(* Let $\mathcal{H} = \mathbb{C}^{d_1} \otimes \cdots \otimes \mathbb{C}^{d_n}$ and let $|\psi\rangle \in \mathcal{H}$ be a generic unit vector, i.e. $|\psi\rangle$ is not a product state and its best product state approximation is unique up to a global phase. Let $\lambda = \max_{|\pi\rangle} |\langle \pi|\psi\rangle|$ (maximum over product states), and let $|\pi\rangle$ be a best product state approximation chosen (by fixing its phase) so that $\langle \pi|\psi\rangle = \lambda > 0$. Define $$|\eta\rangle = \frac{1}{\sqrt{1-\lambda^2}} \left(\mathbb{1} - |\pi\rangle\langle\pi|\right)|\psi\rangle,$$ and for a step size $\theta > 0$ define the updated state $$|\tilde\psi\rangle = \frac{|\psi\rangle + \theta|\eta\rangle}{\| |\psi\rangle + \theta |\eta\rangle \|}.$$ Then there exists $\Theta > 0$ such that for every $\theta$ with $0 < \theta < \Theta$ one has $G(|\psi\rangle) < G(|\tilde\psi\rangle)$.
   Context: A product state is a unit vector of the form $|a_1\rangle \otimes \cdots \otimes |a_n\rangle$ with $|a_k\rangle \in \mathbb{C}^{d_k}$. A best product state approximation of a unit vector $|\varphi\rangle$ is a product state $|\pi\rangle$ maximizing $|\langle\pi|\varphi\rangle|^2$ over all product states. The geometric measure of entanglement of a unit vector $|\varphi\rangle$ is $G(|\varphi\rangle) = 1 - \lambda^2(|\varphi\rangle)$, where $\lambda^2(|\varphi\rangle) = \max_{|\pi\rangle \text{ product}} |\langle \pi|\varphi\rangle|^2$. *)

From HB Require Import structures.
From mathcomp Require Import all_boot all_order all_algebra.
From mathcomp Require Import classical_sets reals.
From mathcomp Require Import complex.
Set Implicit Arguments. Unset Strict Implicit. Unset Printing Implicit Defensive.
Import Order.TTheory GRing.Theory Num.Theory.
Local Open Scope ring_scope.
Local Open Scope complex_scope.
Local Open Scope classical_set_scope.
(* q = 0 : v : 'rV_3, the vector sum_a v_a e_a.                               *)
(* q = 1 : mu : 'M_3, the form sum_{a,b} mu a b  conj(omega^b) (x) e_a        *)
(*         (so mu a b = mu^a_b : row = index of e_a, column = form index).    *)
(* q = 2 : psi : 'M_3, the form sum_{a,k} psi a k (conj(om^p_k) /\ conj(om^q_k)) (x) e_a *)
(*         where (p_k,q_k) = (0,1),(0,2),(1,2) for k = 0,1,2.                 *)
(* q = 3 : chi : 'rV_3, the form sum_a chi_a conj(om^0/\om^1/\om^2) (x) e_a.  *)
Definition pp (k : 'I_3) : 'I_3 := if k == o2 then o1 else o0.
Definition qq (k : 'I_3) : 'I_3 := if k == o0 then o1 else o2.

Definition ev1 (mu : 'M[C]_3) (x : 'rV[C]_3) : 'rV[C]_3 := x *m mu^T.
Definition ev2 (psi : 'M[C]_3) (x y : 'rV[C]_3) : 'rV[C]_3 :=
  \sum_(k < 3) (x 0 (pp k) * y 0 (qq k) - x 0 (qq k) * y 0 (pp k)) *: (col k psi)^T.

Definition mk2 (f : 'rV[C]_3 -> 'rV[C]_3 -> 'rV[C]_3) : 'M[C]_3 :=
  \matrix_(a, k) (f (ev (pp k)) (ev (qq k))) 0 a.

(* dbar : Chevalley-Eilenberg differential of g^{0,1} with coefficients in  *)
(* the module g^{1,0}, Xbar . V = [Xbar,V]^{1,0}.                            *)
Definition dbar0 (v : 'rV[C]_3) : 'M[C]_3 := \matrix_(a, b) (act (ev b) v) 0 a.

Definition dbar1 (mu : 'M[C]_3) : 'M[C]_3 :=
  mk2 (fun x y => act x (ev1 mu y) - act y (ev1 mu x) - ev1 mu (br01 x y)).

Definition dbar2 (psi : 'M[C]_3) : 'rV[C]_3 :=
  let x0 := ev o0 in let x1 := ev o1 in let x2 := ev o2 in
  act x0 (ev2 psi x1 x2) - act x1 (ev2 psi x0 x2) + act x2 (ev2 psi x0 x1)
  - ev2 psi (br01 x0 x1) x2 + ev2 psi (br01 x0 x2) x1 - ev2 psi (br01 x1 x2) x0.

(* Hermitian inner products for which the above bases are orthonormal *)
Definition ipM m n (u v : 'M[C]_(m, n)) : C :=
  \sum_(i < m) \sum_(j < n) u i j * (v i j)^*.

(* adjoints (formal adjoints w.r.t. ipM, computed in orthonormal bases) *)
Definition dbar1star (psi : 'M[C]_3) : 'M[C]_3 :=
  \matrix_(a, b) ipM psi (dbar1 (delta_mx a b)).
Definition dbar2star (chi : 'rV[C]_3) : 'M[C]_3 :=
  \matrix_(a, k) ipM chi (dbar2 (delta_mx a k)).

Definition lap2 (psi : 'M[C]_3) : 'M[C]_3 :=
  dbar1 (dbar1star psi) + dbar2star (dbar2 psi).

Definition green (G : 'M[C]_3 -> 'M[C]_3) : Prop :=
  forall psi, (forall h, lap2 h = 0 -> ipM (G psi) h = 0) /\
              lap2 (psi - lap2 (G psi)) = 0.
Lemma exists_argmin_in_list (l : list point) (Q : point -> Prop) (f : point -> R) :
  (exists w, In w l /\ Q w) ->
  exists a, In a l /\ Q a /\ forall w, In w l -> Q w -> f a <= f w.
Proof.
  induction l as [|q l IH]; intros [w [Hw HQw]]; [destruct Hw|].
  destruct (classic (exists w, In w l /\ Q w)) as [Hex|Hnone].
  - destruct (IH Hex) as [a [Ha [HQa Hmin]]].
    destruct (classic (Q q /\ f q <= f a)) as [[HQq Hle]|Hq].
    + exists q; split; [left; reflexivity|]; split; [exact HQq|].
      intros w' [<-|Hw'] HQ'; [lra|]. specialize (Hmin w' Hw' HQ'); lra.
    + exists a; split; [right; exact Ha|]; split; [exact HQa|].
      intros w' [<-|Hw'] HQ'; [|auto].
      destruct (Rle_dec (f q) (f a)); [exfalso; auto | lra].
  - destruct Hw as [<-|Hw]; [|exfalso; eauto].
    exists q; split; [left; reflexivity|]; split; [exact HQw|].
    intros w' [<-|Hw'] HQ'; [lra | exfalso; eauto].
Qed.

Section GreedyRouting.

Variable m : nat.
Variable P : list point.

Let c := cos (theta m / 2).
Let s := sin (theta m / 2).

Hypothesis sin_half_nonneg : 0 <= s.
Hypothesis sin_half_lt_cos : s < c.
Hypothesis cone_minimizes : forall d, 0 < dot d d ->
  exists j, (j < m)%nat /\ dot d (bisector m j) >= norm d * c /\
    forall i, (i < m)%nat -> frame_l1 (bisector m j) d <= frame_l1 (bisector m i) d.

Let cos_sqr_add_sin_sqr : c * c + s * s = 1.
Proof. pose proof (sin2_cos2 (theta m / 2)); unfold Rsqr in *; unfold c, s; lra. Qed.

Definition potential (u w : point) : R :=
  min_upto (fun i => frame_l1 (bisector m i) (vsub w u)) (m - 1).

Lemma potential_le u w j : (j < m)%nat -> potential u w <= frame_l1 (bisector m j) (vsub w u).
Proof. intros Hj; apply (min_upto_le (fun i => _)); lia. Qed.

---+---

§ Exercise prompt
Copy every line of the data above in which the string "list" appears.

§ Response to the exercise
Lemma exists_argmin_in_list (l : list point) (Q : point -> Prop) (f : point -> R) :
Variable P : list point.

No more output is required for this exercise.